Летчика унесли, но палата уже не могла уснуть. Все говорили разом, трудно было кого-то понять.
— Кто же так стреляет? — перекрикивал всех дядя Костя. — Конечно, это твое дело, стреляйся себе на здоровье, но другие при чем? Чуть бы взял пониже и попал прямо в меня…
На него зашумели с разных сторон:
— Замолчи! Хоть бы пожалел человека! В таком он был состоянии — как жить?
Спустя три часа летчик умер на операционном столе. Выпущенная им пуля вошла в правый висок и вышла в пустую, потухшую глазницу…
Прямо из операционной в палату прибежал начальник госпиталя.
— Кто видел, что у этого летчика был пистолет? — спросил он, пронзительно оглядывая раненых.
— А как увидишь? Ведь пистолет был не на виду, — ответил безногий танкист.
— Кто-нибудь еще прячет оружие? — спросил начальник госпиталя. — Признавайтесь! Хуже будет!
— А вон у того красноармейца патрон есть, — вдруг выпалила Люба, показывая на меня пальцем. — В табачном кисете на груди держит. Сама своими глазами видела.
Я обомлел. Меня предает хохотушка Люба, та самая Люба, которая приглашала меня после войны в Балашов жениться! Кровь ударила в голову. «Предательница, провокаторша!» — прошептал я.
Санитарка перехватила мой презрительный взгляд и, как бы оправдывая себя в моих глазах, добавила:
— Ага, я должна молчать! А вы тут опять ночную стрельбу затеете!
— Какую стрельбу! — Я достал из кисета злополучную пулю. — Смотрите, осталась одна медная оболочка, без свинца, без гильзы, без пороха, наконец. Эту пулю вынул из моей ноги врач в медсанбате. Мне разрешили ее взять, я хотел показать маме. Поглядите сами, товарищ начальник госпиталя, разве такая пуля стреляет? Это всего лишь кусочек меди.
Я ничуть не сомневался, что военврач тут же поймет, что Люба мелет вздор.
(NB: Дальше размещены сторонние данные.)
(* Let $G$ be a connected weighted undirected graph on $N$ vertices with positive edge weights and combinatorial Laplacian $L$. Let $P \in \mathbb{R}^{n\times N}$ be a coarsening matrix with respect to $G$, and let $P^+$ be its Moore–Penrose pseudoinverse. Then $L_c = (P^+)^\top L P^+$ is the combinatorial Laplacian of some weighted graph (with nonnegative weights) if and only if all nonzero entries of $P^+$ are equal.
   Context: The combinatorial Laplacian of a weighted graph with weights $w_{ij}\ge 0$ is $L(i,i) = \deg_i = \sum_j w_{ij}$, $L(i,j) = -w_{ij}$ for $i\ne j$. A matrix $P\in\mathbb{R}^{n\times N}$ is a coarsening matrix w.r.t. $G$ if: (a) every column of $P$ has exactly one nonzero entry and every row is nonzero (i.e., each vertex of $G$ is assigned to exactly one row); (b) for every row $r$, the subgraph of $G$ induced by the vertices $\{v_i : P(r,i)\ne 0\}$ is connected. *)

From HB Require Import structures.
From mathcomp Require Import all_boot all_order all_algebra.
Set Implicit Arguments. Unset Strict Implicit. Unset Printing Implicit Defensive.
Import Order.TTheory GRing.Theory Num.Theory.
Local Open Scope ring_scope.

(* A weighted undirected graph on vertex set 'I_N is given by a weight
   function w with nonnegative, symmetric weights and no self-loops;
   i ~ j is an edge iff w i j > 0. *)
Definition weighted_graph (R : realFieldType) (N : nat) (w : 'I_N -> 'I_N -> R) : Prop :=
  (forall i j, 0 <= w i j) /\ (forall i j, w i j = w j i) /\ (forall i, w i i = 0).

Definition laplacian (R : realFieldType) (N : nat) (w : 'I_N -> 'I_N -> R) : 'M[R]_N :=
  \matrix_(i, j) (if i == j then \sum_(k < N) w i k else - w i j).

Definition edge (R : realFieldType) (N : nat) (w : 'I_N -> 'I_N -> R) : rel 'I_N :=
  fun i j => 0 < w i j.

Definition connected_graph (R : realFieldType) (N : nat) (w : 'I_N -> 'I_N -> R) : Prop :=
  forall i j, connect (edge w) i j.

Definition induced_connected (R : realFieldType) (N : nat) (w : 'I_N -> 'I_N -> R)
    (S : {set 'I_N}) : Prop :=
  forall i j, i \in S -> j \in S ->
    connect (fun a b => [&& a \in S, b \in S & edge w a b]) i j.

Definition is_graph_laplacian (R : realFieldType) (n : nat) (M : 'M[R]_n) : Prop :=
  exists w : 'I_n -> 'I_n -> R, weighted_graph w /\ M = laplacian w.

Definition coarsening (R : realFieldType) (n N : nat) (w : 'I_N -> 'I_N -> R)
    (P : 'M[R]_(n, N)) : Prop :=
  (forall j : 'I_N, #|[set r : 'I_n | P r j != 0]| = 1%N) /\
  (forall r : 'I_n, exists j, P r j != 0) /\
  (forall r : 'I_n, induced_connected w [set i : 'I_N | P r i != 0]).

Definition MP_pinv (R : realFieldType) (n N : nat) (P : 'M[R]_(n, N)) (X : 'M[R]_(N, n)) : Prop :=
  [/\ P *m X *m P = P, X *m P *m X = X, (P *m X)^T = P *m X & (X *m P)^T = X *m P].

From HB Require Import structures.
From mathcomp Require Import all_boot all_order all_algebra.
From mathcomp Require Import ring.
Import Order.TTheory GRing.Theory Num.Theory.
Set Implicit Arguments.
Unset Strict Implicit.
Unset Printing Implicit Defensive.
Local Open Scope ring_scope.

(* Each vertex lies in exactly one cluster, so the rows of P have disjoint
   supports, P P^T is a positive diagonal matrix and P^+ = P^T (P P^T)^-1.
   Thus P^+ has the support of P^T, with one nonzero entry per row, and
   q := P^+ 1 lists these entries.  Since L_c 1 = (P^+)^T L q, a Laplacian
   L_c forces q^T L q = 1^T L_c 1 = 0, so q is constant on the connected
   graph.  Conversely, if all nonzero entries equal c, then L q = 0 gives L_c
   zero row sums, and each off-diagonal entry of L_c is a sum of terms
   c^2 L_ik with i <> k, hence nonpositive; a symmetric matrix with these two
   properties is a graph Laplacian. *)

Local Notation ones n := (const_mx 1 : 'cV_n).

Section PseudoInverse.
Variables (R : realFieldType) (n N : nat) (P : 'M[R]_(n, N)).

Section Identities.
Variable X : 'M[R]_(N, n).
Hypothesis PX : MP_pinv P X.

Lemma MP_pinv_trmxl : X *m X^T *m P^T = X.
Proof. by case: PX => _ X2 X3 _; rewrite -mulmxA -trmx_mul X3 mulmxA X2. Qed.

Lemma MP_pinv_trmxr : P^T *m X^T *m X = X.
Proof. by case: PX => _ X2 _ X4; rewrite -trmx_mul X4 X2. Qed.

Lemma trmx_MP_pinvl : P^T *m P *m X = P^T.
Proof. by case: PX => X1 _ X3 _; rewrite -[in RHS]X1 trmx_mul X3 mulmxA. Qed.

Lemma trmx_MP_pinvr : X *m P *m P^T = P^T.
Proof. by case: PX => X1 _ _ X4; rewrite -[in RHS]X1 -[P *m X *m P]mulmxA trmx_mul X4. Qed.

End Identities.

Lemma MP_pinv_unique (X Y : 'M[R]_(N, n)) : MP_pinv P X -> MP_pinv P Y -> X = Y.
Proof.
move=> PX PY; have XPY_l : X *m P *m Y = X.
  by rewrite -{2}(MP_pinv_trmxl PX) -(trmx_MP_pinvl PY) !mulmxA MP_pinv_trmxl.
have XPY_r : X *m P *m Y = Y.
  rewrite -{2}(MP_pinv_trmxr PY) -(trmx_MP_pinvr PX) -!mulmxA.
  by rewrite (mulmxA P^T) MP_pinv_trmxr.
by rewrite -XPY_l XPY_r.
Qed.

Lemma MP_pinv_trmx_mul (D : 'M[R]_n) :
  D^T = D -> P *m P^T *m D = 1%:M -> MP_pinv P (P^T *m D).
Proof.
move=> Dsym PPD; have PX : P *m (P^T *m D) = 1%:M by rewrite mulmxA.
split; first by rewrite PX mul1mx.
- by rewrite -mulmxA PX mulmx1.
- by rewrite PX trmx1.
by rewrite !trmx_mul trmxK Dsym mulmxA.
Qed.

End PseudoInverse.

Definition row_sqnorm (R : realFieldType) (n N : nat) (P : 'M[R]_(n, N)) : 'rV[R]_n :=
  \row_s \sum_k P s k ^+ 2.

Section CoarseningPinv.
Variables (R : realFieldType) (n N : nat) (P : 'M[R]_(n, N)).
Hypothesis Pcol1 : forall k, #|[set s | P s k != 0]| = 1%N.
Hypothesis Prow : forall s, exists k, P s k != 0.

Lemma col_support_exists k : exists s, P s k != 0.
Proof.
have /eqP/cards1P [s supp_k] := Pcol1 k; exists s.
by have := set11 s; rewrite -supp_k inE.
Qed.

Lemma col_support_uniq k s t : P s k != 0 -> P t k != 0 -> s = t.
Proof.
have /eqP/cards1P [r supp_k] := Pcol1 k.
have in_supp u : P u k != 0 -> u = r by move=> nz; apply/set1P; rewrite -supp_k inE.
by move=> /in_supp -> /in_supp ->.
Qed.

Lemma mulmx_trmx_col_disjoint : P *m P^T = diag_mx (row_sqnorm P).
Proof.
apply/matrixP => s t; rewrite !mxE; case: eqVneq => [<-|neq_st].
  by rewrite mulr1n; apply: eq_bigr => k _; rewrite mxE expr2.
rewrite mulr0n; apply: big1 => k _; rewrite mxE.
have [->|Psk] := eqVneq (P s k) 0; first by rewrite mul0r.
have [->|Ptk] := eqVneq (P t k) 0; first by rewrite mulr0.
by rewrite (col_support_uniq Psk Ptk) eqxx in neq_st.
Qed.

Lemma row_sqnorm_gt0 s : 0 < row_sqnorm P 0 s.
Proof.
have [k Psk] := Prow s; rewrite mxE (bigD1 k) //= ltr_wpDr //.
  by apply: sumr_ge0 => j _; rewrite sqr_ge0.
by rewrite lt_def sqrf_eq0 Psk sqr_ge0.
Qed.

Lemma MP_pinv_coarseningE (X : 'M[R]_(N, n)) :
  MP_pinv P X -> forall k s, X k s = P s k / row_sqnorm P 0 s.
Proof.
pose D := diag_mx (\row_s (row_sqnorm P 0 s)^-1).
have PPD : P *m P^T *m D = 1%:M.
  apply/matrixP => s t; rewrite mulmx_trmx_col_disjoint mul_mx_diag !mxE.
  case: eqVneq => [->|_]; last by rewrite mulr0n mul0r.
  by rewrite mulr1n mulfV //; have := row_sqnorm_gt0 t; rewrite mxE => /lt0r_neq0.
move=> PX k s; rewrite (MP_pinv_unique PX (MP_pinv_trmx_mul (tr_diag_mx _) PPD)).
by rewrite mul_mx_diag !mxE.
Qed.

Lemma MP_pinv_coarsening_neq0 (X : 'M[R]_(N, n)) :
  MP_pinv P X -> forall k s, (X k s != 0) = (P s k != 0).
Proof.
move=> PX k s; rewrite (MP_pinv_coarseningE PX) mulf_eq0 invr_eq0.
by rewrite (gt_eqF (row_sqnorm_gt0 s)) orbF.
Qed.

End CoarseningPinv.

Section OneNonzeroPerRow.
Variables (R : realFieldType) (N n : nat) (X : 'M[R]_(N, n)).
Hypothesis Xrow_ex : forall k, exists s, X k s != 0.
Hypothesis Xrow_uniq : forall k s t, X k s != 0 -> X k t != 0 -> s = t.

Lemma mulmx_ones_support k s : X k s != 0 -> (X *m ones n) k 0 = X k s.
Proof.
move=> Xks; rewrite mxE; under eq_bigr do rewrite mxE mulr1.
rewrite (bigD1 s) //= big1 ?addr0 // => t neq_ts.
apply/eqP; apply: contraNT neq_ts => Xkt.
by rewrite (Xrow_uniq Xkt Xks).
Qed.

Lemma nonzero_entries_eqP :
  (forall i k j l, X i j != 0 -> X k l != 0 -> X i j = X k l) <->
  (forall i k, (X *m ones n) i 0 = (X *m ones n) k 0).
Proof.
split=> [Xeq i k | ones_eq i k j l Xij Xkl].
  have [j Xij] := Xrow_ex i; have [l Xkl] := Xrow_ex k.
  by rewrite (mulmx_ones_support Xij) (mulmx_ones_support Xkl); apply: Xeq.
by rewrite -(mulmx_ones_support Xij) -(mulmx_ones_support Xkl).
Qed.

Lemma congr_offdiag_le0 (M : 'M[R]_N) :
  (forall i k, i != k -> M i k <= 0) ->
  (forall i k j l, X i j != 0 -> X k l != 0 -> X i j = X k l) ->
  forall r s, r != s -> (X^T *m M *m X) r s <= 0.
Proof.
move=> M_offdiag Xeq r s neq_rs; rewrite mxE; apply: sumr_le0 => k _.
rewrite mxE mulr_suml; apply: sumr_le0 => i _; rewrite !mxE.
have [->|Xir] := eqVneq (X i r) 0; first by rewrite !mul0r.
have [->|Xks] := eqVneq (X k s) 0; first by rewrite mulr0.
have neq_ik : i != k.
  by apply: contraNneq neq_rs => eq_ik; rewrite eq_ik in Xir; rewrite (Xrow_uniq Xir Xks).
rewrite -(Xeq _ _ _ _ Xir Xks) mulrC mulrA -expr2 mulrC.
by rewrite mulr_le0_ge0 ?sqr_ge0 ?M_offdiag.
Qed.

End OneNonzeroPerRow.

Section Laplacian.
Variables (R : realFieldType) (N : nat) (w : 'I_N -> 'I_N -> R).
Hypothesis Gw : weighted_graph w.

Lemma laplacian_tr : (laplacian w)^T = laplacian w.
Proof.
have [_ [wsym _]] := Gw.
by apply/matrixP => i k; rewrite !mxE eq_sym; case: eqP => [->|_]; rewrite 1?wsym.
Qed.

Lemma laplacian_offdiag_le0 i k : i != k -> laplacian w i k <= 0.
Proof. by have [wge _] := Gw; move=> neq_ik; rewrite mxE (negbTE neq_ik) oppr_le0 wge. Qed.

Lemma laplacian_mulmxE (v : 'cV[R]_N) i :
  (laplacian w *m v) i 0 = \sum_k w i k * (v i 0 - v k 0).
Proof.
have [_ [_ w0]] := Gw.
rewrite mxE (bigD1 i) //= [RHS](bigD1 i) //= w0 mul0r add0r mxE eqxx.
under [in RHS]eq_bigr do rewrite mulrBr.
rewrite sumrB -mulr_suml (bigD1 i) //= w0 add0r; congr (_ + _).
by rewrite -sumrN; apply: eq_bigr => k neq_ki; rewrite mxE eq_sym (negbTE neq_ki) mulNr.
Qed.

Lemma laplacian_mul_const (v : 'cV[R]_N) :
  (forall i k, v i 0 = v k 0) -> laplacian w *m v = 0.
Proof.
move=> v_const; apply/matrixP => i z; rewrite (ord1 z) laplacian_mulmxE mxE.
by apply: big1 => k _; rewrite (v_const i k) subrr mulr0.
Qed.

Lemma laplacian_form_eq0_edge (v : 'cV[R]_N) :
  (v^T *m laplacian w *m v) 0 0 = 0 -> forall i k, edge w i k -> v i 0 = v k 0.
Proof.
have [wge [wsym _]] := Gw.
pose t i k := w i k * (v i 0 - v k 0) ^+ 2.
have t_ge0 i k : 0 <= t i k by rewrite mulr_ge0 ?wge ?sqr_ge0.
have form2 : (v^T *m laplacian w *m v) 0 0 *+ 2 = \sum_i \sum_k t i k.
  rewrite -mulmxA mxE.
  under eq_bigr do rewrite mxE laplacian_mulmxE mulr_sumr.
  rewrite mulr2n [X in X + _ = _]exchange_big -big_split; apply: eq_bigr => i _.
  by rewrite -big_split; apply: eq_bigr => k _; rewrite /t (wsym k i) /=; ring.
move=> form0 i k wik.
have /eqP : t i k = 0.
  move: form2; rewrite form0 mul0rn => /esym sum0.
  have row0 : \sum_k t i k = 0.
    exact: psumr_eq0P (fun i _ => sumr_ge0 _ (fun k _ => t_ge0 i k)) sum0 _ isT.
  exact: psumr_eq0P (fun k _ => t_ge0 i k) row0 _ isT.
by rewrite mulf_eq0 gt_eqF //= sqrf_eq0 subr_eq0 => /eqP.
Qed.

Lemma connected_laplacian_form_eq0 (v : 'cV[R]_N) :
  connected_graph w -> (v^T *m laplacian w *m v) 0 0 = 0 ->
  forall i k, v i 0 = v k 0.
Proof.
move=> Gc form0 i k.
have closed_vi : closed (edge w) [pred x | v x 0 == v i 0].
  by move=> x y /(laplacian_form_eq0_edge form0) vxy; rewrite !inE vxy.
by have := closed_connect closed_vi (Gc i k); rewrite !inE eqxx => /esym/eqP.
Qed.

End Laplacian.

Lemma graph_laplacianP (R : realFieldType) (n : nat) (M : 'M[R]_n) :
  is_graph_laplacian M <->
  [/\ M^T = M, forall r s, r != s -> M r s <= 0 & M *m ones n = 0].
Proof.
split=> [[w [Gw ->]] | [Msym M_offdiag M1]].
  split; [exact: laplacian_tr | exact: laplacian_offdiag_le0 |].
  by apply: laplacian_mul_const => // r s; rewrite !mxE.
exists (fun r s => if r == s then 0 else - M r s); split.
  split=> [r s | ]; first by case: eqVneq => // /M_offdiag; rewrite oppr_ge0.
  split=> [r s | r]; last by rewrite eqxx.
  by rewrite eq_sym; case: eqVneq => // _; rewrite -[in LHS]Msym mxE.
apply/matrixP => r s; rewrite mxE; case: eqVneq => [<- | _]; last by rewrite opprK.
have rowsum : \sum_k M r k = 0.
  transitivity ((M *m ones n) r 0); last by rewrite M1 mxE.
  by rewrite mxE; apply: eq_bigr => k _; rewrite mxE mulr1.
rewrite (bigD1 r) //= eqxx add0r.
move: rowsum; rewrite (bigD1 r) //= => /eqP; rewrite addr_eq0 => /eqP ->.
by rewrite -sumrN; apply: eq_bigr => k neq_kr; rewrite eq_sym (negbTE neq_kr).
Qed.

Theorem proposition2 (R : realFieldType) (N n : nat) (w : 'I_N -> 'I_N -> R)
    (P : 'M[R]_(n, N)) (Pp : 'M[R]_(N, n)) :
  weighted_graph w -> connected_graph w ->
  coarsening w P -> MP_pinv P Pp ->
  (is_graph_laplacian (Pp^T *m laplacian w *m Pp) <->
   (forall (i k : 'I_N) (j l : 'I_n), Pp i j != 0 -> Pp k l != 0 -> Pp i j = Pp k l)).
Proof.
move=> Gw Gc [Pcol1 [Prow _]] PPp.
have Pp_neq0 := MP_pinv_coarsening_neq0 Pcol1 Prow PPp.
have Pprow_ex k : exists s, Pp k s != 0.
  by have [s Psk] := col_support_exists Pcol1 k; exists s; rewrite Pp_neq0.
have Pprow_uniq k s t : Pp k s != 0 -> Pp k t != 0 -> s = t.
  by rewrite !Pp_neq0; apply: col_support_uniq.
have entries_eqP := nonzero_entries_eqP Pprow_ex Pprow_uniq.
have Lc1 : Pp^T *m laplacian w *m Pp *m ones n = Pp^T *m (laplacian w *m (Pp *m ones n)).
  by rewrite !mulmxA.
split=> [/graph_laplacianP [_ _ Lc0] | Pp_eq].
  apply/entries_eqP/(connected_laplacian_form_eq0 Gw Gc).
  have -> : (Pp *m ones n)^T *m laplacian w *m (Pp *m ones n) =
            (ones n)^T *m (Pp^T *m laplacian w *m Pp *m ones n).
    by rewrite trmx_mul !mulmxA.
  by rewrite Lc0 mulmx0 mxE.
apply/graph_laplacianP; split.
- by rewrite !trmx_mul trmxK laplacian_tr // mulmxA.
- by apply: congr_offdiag_le0 => // i k; apply: laplacian_offdiag_le0.
by rewrite Lc1 laplacian_mul_const ?mulmx0 //; apply/entries_eqP.
Qed.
Но он даже не взглянул на мою пулю.
— Что вы твердите мне: «кусочек меди»? — разозлился он. — А снаряд — это что, не кусочек меди? А бомба — не кусочек чугуна?
Да что за чушь! Ну, если у дурехи Любы от страха глаза на лоб полезли, то неужели он, военный врач, не понимает, что убойная сила медной оболочки равна убойной силе медной пуговицы от солдатского хлястика?